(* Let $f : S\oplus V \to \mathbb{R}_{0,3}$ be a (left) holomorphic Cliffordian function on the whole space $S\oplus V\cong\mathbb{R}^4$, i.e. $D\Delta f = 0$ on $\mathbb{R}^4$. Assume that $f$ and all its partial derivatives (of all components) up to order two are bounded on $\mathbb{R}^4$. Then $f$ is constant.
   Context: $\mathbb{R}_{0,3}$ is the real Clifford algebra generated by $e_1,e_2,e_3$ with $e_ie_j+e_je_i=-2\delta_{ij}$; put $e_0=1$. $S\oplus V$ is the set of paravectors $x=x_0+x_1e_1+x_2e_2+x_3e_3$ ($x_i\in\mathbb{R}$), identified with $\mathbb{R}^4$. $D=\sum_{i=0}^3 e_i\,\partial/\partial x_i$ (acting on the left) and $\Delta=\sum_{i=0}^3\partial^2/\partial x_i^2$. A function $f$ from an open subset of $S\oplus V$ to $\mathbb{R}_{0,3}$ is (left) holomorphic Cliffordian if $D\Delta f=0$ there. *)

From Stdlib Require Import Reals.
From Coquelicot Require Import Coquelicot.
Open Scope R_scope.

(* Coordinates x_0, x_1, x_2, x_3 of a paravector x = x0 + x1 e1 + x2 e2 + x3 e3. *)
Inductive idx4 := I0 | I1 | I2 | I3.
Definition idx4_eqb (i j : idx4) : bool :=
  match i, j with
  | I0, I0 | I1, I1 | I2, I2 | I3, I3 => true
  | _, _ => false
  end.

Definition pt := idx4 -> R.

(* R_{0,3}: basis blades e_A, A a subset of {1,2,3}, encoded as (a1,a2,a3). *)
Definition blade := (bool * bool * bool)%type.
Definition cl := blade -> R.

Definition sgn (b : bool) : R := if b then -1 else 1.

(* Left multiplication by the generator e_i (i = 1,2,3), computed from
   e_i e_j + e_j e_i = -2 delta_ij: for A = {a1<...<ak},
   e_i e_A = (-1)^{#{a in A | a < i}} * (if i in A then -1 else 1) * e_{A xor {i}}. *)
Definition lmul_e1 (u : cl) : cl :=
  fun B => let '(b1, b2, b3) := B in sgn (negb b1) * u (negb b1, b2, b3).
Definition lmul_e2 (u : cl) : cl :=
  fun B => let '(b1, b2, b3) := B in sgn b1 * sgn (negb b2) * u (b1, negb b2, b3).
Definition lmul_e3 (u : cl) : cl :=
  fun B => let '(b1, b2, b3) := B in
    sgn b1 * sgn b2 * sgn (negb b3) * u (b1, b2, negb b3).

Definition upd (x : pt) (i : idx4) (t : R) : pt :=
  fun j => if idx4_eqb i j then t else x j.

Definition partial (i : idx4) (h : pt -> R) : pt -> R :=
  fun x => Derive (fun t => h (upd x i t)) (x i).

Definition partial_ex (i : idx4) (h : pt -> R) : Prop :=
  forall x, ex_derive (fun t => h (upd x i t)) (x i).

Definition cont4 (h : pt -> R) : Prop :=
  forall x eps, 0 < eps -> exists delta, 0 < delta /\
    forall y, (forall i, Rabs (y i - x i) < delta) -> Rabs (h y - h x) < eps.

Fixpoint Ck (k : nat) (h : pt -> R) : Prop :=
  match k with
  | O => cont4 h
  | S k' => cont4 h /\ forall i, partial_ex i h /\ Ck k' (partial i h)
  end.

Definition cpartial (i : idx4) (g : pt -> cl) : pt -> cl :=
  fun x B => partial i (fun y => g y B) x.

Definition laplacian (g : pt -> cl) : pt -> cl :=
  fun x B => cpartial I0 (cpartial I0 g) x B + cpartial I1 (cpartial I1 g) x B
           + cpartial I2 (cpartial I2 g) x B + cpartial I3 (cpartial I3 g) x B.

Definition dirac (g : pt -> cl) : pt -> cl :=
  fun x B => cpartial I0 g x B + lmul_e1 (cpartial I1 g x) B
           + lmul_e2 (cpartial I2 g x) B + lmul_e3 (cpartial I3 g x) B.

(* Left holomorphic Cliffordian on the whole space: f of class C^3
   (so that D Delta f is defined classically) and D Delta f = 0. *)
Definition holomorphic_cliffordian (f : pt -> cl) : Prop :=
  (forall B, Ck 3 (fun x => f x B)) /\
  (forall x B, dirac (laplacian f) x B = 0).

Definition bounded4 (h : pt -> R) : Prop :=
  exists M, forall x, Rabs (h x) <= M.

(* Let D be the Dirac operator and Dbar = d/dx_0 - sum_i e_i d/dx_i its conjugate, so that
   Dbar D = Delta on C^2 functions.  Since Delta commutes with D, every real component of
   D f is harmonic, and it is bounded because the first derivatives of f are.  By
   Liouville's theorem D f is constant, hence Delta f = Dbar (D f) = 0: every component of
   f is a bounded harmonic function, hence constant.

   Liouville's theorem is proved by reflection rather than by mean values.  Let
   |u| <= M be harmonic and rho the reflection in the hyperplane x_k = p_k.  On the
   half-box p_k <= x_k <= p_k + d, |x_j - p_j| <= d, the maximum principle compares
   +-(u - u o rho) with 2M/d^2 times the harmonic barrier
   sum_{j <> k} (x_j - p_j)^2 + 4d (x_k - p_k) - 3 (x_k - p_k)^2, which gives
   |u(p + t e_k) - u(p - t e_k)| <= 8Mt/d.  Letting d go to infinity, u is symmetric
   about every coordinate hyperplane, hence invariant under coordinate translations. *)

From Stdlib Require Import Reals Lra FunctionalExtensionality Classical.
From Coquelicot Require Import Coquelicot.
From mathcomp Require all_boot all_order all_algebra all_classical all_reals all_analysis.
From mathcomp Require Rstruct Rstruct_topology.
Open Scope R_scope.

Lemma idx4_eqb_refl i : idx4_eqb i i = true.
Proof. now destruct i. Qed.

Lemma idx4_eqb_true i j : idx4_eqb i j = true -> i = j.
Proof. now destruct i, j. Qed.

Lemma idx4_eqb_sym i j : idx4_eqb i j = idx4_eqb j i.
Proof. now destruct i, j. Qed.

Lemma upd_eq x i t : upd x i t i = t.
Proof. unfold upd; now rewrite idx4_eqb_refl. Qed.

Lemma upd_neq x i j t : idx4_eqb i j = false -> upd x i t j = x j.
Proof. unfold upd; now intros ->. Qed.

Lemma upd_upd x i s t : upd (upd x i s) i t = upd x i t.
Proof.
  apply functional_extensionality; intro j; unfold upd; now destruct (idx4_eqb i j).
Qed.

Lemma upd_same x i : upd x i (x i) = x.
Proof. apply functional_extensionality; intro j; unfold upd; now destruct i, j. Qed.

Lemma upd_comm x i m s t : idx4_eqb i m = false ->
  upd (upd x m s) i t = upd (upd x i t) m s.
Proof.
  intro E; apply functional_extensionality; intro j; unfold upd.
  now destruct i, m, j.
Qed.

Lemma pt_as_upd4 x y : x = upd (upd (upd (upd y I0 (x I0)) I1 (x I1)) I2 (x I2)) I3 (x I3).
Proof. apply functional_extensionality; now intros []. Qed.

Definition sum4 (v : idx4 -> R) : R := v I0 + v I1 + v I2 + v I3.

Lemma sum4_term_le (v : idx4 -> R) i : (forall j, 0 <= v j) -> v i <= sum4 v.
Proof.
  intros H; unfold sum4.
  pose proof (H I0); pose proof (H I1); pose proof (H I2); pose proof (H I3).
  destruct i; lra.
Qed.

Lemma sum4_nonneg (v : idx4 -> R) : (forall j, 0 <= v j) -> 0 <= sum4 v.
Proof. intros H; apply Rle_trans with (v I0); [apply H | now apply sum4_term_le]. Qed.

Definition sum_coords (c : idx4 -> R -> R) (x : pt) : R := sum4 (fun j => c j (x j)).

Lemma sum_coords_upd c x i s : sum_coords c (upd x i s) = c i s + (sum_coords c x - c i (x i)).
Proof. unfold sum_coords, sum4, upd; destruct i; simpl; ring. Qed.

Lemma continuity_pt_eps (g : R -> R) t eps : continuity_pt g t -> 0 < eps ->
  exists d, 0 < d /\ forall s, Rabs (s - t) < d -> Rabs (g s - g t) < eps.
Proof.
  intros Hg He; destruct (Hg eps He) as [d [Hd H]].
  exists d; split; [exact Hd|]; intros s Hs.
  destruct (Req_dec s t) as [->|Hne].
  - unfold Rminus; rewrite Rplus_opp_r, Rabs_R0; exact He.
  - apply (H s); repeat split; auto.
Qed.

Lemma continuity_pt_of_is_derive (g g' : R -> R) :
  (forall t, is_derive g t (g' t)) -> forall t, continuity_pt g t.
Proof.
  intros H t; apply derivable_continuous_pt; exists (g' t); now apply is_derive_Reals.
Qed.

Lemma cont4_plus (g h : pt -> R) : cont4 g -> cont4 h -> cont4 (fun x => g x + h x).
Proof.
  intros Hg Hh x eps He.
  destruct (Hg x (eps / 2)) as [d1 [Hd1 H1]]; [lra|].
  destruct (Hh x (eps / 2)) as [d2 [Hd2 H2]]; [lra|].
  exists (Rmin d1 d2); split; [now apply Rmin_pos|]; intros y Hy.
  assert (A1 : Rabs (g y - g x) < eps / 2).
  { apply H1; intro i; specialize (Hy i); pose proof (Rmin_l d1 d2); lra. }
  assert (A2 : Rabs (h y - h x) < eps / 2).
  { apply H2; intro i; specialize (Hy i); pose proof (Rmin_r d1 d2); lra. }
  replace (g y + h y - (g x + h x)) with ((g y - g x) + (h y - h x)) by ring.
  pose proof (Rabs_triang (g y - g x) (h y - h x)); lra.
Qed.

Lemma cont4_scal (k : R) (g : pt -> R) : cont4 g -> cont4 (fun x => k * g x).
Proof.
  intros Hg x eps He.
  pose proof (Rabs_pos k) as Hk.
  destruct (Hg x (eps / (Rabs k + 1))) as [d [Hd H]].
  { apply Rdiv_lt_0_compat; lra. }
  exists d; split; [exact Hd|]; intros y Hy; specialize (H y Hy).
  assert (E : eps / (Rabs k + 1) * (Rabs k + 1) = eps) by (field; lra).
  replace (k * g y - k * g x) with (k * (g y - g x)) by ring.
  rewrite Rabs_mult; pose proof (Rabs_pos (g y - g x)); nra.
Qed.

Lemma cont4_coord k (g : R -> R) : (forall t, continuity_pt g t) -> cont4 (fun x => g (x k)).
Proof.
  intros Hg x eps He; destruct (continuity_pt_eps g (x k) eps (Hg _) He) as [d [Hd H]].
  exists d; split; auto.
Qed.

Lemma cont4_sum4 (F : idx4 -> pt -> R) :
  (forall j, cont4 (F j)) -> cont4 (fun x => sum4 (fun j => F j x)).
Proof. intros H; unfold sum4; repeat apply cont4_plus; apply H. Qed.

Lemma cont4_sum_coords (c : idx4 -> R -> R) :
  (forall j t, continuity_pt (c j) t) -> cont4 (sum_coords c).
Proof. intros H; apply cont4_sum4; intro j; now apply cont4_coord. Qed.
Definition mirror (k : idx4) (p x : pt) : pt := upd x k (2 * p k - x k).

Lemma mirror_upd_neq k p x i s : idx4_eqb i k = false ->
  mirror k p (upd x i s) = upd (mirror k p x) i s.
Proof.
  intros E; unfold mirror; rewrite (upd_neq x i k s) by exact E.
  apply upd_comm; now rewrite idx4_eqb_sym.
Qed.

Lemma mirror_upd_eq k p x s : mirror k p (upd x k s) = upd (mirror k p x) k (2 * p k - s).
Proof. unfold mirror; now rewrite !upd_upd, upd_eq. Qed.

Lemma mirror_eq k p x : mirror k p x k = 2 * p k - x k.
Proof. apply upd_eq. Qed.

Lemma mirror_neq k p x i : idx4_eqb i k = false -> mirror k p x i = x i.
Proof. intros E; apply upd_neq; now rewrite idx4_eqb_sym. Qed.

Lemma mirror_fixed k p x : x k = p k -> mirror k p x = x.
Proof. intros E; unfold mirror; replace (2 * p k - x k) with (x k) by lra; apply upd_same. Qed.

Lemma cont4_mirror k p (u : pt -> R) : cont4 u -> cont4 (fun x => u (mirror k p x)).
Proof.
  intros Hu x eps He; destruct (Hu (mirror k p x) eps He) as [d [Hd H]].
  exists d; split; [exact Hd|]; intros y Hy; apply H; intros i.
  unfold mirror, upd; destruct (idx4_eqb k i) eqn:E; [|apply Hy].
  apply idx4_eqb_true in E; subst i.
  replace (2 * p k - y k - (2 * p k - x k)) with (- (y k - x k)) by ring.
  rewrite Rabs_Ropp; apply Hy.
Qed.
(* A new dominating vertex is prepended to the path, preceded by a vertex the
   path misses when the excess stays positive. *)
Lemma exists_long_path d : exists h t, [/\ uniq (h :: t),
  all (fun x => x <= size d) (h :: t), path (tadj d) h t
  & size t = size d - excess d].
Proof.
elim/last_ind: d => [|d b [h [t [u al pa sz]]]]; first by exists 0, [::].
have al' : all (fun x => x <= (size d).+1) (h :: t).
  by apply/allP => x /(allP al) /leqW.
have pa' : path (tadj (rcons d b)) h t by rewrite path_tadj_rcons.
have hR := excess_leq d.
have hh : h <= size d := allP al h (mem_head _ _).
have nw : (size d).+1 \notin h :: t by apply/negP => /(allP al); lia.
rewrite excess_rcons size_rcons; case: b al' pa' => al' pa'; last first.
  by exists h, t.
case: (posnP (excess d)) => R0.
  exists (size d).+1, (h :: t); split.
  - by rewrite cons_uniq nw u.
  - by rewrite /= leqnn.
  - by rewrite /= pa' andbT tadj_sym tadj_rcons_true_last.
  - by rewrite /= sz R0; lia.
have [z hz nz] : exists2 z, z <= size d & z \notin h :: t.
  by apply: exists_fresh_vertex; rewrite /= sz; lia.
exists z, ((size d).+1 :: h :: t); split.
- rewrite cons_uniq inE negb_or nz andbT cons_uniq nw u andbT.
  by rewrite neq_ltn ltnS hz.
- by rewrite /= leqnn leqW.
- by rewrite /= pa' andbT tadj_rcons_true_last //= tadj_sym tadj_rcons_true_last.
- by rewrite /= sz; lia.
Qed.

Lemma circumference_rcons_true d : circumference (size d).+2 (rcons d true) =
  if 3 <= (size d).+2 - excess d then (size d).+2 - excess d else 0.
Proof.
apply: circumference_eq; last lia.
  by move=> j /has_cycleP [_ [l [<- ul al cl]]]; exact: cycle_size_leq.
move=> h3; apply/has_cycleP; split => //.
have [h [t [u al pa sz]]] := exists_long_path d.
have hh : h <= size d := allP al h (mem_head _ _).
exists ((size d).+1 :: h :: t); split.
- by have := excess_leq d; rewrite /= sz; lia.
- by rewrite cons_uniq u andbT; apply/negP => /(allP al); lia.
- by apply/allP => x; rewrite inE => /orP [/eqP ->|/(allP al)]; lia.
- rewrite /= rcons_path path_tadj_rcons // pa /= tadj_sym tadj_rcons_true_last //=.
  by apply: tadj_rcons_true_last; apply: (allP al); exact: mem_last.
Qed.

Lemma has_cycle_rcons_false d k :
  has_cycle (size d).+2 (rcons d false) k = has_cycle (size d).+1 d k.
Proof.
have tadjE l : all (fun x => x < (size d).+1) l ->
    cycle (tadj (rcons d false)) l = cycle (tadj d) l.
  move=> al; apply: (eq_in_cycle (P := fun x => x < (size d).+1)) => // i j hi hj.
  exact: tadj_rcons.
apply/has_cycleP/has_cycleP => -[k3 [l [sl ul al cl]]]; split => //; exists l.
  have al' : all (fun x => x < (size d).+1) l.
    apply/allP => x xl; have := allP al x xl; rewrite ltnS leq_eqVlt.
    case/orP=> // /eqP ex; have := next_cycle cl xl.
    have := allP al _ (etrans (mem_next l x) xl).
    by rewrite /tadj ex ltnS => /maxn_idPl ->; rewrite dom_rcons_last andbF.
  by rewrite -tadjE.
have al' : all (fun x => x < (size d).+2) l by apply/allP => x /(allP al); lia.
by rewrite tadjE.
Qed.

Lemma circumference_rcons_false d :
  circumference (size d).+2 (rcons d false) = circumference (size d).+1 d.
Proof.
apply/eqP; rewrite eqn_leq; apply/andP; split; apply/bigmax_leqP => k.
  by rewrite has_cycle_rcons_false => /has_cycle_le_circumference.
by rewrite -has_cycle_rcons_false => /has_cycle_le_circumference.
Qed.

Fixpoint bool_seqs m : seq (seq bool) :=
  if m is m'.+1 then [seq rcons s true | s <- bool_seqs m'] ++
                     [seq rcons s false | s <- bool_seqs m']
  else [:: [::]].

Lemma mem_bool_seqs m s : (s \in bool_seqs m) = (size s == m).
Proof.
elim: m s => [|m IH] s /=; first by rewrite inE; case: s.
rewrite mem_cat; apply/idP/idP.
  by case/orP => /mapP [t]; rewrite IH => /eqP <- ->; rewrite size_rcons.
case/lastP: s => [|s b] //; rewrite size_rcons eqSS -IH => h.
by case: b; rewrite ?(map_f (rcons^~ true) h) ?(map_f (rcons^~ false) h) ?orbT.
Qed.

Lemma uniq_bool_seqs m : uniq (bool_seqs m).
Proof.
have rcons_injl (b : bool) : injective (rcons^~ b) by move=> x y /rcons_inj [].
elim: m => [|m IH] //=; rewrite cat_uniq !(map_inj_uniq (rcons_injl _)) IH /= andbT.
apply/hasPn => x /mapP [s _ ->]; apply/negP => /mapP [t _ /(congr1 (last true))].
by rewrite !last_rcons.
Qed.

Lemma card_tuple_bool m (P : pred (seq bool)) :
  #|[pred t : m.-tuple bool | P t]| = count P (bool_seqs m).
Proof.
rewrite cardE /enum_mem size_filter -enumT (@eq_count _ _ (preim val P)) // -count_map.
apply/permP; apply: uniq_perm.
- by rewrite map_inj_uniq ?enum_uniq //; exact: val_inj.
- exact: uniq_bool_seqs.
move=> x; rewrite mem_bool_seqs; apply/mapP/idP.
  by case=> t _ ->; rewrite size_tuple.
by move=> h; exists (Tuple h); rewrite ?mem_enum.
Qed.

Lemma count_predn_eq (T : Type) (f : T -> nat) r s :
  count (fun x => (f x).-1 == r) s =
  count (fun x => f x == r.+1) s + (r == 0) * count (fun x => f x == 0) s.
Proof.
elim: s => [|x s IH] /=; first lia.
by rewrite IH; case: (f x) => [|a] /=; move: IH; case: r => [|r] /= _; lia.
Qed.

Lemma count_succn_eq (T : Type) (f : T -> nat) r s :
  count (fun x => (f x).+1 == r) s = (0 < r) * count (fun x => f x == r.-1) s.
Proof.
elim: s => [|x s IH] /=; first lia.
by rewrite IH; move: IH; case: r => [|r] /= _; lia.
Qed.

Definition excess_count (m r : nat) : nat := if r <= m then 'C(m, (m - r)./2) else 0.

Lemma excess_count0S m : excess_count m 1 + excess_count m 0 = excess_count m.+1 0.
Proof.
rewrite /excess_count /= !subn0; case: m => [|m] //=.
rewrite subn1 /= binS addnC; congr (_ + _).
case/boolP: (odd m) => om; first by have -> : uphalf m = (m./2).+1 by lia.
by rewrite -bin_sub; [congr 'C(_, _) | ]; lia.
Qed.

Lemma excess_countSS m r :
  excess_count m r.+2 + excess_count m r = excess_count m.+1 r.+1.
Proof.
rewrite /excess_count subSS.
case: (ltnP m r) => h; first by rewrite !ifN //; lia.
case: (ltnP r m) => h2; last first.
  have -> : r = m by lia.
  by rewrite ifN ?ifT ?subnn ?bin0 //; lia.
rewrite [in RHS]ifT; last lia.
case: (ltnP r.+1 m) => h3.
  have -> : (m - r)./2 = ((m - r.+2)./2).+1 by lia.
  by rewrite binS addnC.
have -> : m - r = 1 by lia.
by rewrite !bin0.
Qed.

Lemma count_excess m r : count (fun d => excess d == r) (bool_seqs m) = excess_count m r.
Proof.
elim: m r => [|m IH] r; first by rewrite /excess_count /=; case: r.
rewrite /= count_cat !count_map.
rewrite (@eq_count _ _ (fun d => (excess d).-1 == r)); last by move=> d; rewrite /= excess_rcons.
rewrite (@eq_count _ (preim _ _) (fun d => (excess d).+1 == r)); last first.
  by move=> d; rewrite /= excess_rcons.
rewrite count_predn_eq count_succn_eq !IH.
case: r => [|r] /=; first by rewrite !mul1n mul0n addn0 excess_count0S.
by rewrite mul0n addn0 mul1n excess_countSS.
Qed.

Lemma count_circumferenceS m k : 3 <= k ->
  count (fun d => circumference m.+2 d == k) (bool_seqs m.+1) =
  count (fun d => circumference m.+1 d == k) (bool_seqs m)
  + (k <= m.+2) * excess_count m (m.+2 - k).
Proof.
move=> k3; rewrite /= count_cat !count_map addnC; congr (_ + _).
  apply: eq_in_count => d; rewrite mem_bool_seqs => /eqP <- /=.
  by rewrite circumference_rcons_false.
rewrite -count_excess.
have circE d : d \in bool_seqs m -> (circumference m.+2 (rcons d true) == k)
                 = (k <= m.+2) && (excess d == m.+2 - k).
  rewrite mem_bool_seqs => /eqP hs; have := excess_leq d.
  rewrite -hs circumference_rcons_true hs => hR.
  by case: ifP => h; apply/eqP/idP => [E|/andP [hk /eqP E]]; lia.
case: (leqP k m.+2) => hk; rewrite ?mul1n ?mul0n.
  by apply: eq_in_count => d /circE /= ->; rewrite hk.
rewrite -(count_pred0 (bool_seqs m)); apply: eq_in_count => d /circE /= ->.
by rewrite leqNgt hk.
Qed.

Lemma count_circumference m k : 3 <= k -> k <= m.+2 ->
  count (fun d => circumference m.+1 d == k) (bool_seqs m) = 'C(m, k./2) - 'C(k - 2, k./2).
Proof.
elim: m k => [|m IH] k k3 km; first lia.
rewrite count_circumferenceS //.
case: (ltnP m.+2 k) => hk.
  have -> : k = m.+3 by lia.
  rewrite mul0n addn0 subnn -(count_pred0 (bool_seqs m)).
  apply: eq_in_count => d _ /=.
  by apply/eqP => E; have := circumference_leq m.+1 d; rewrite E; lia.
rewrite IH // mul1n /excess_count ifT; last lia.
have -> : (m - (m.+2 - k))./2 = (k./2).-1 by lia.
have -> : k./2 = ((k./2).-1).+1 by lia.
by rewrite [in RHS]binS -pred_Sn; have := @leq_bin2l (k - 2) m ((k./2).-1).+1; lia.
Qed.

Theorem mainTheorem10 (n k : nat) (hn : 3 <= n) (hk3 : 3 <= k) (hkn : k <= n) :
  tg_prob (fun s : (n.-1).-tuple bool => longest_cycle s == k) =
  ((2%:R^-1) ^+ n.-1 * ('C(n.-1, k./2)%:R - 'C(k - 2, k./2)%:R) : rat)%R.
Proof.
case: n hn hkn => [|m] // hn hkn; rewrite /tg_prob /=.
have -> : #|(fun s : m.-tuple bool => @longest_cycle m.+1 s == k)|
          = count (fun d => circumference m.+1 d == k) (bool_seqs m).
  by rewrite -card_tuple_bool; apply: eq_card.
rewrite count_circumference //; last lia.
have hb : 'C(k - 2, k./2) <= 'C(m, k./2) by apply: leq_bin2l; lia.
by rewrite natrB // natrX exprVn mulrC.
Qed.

····················

Above are the records; repeat exactly the lines from the one holding "replace (k *" down to the one holding "Proof. intros H; unfold", end lines included.

  replace (k * g y - k * g x) with (k * (g y - g x)) by ring.
  rewrite Rabs_mult; pose proof (Rabs_pos (g y - g x)); nra.
Qed.

Lemma cont4_coord k (g : R -> R) : (forall t, continuity_pt g t) -> cont4 (fun x => g (x k)).
Proof.
  intros Hg x eps He; destruct (continuity_pt_eps g (x k) eps (Hg _) He) as [d [Hd H]].
  exists d; split; auto.
Qed.

Lemma cont4_sum4 (F : idx4 -> pt -> R) :
  (forall j, cont4 (F j)) -> cont4 (fun x => sum4 (fun j => F j x)).
Proof. intros H; unfold sum4; repeat apply cont4_plus; apply H. Qed.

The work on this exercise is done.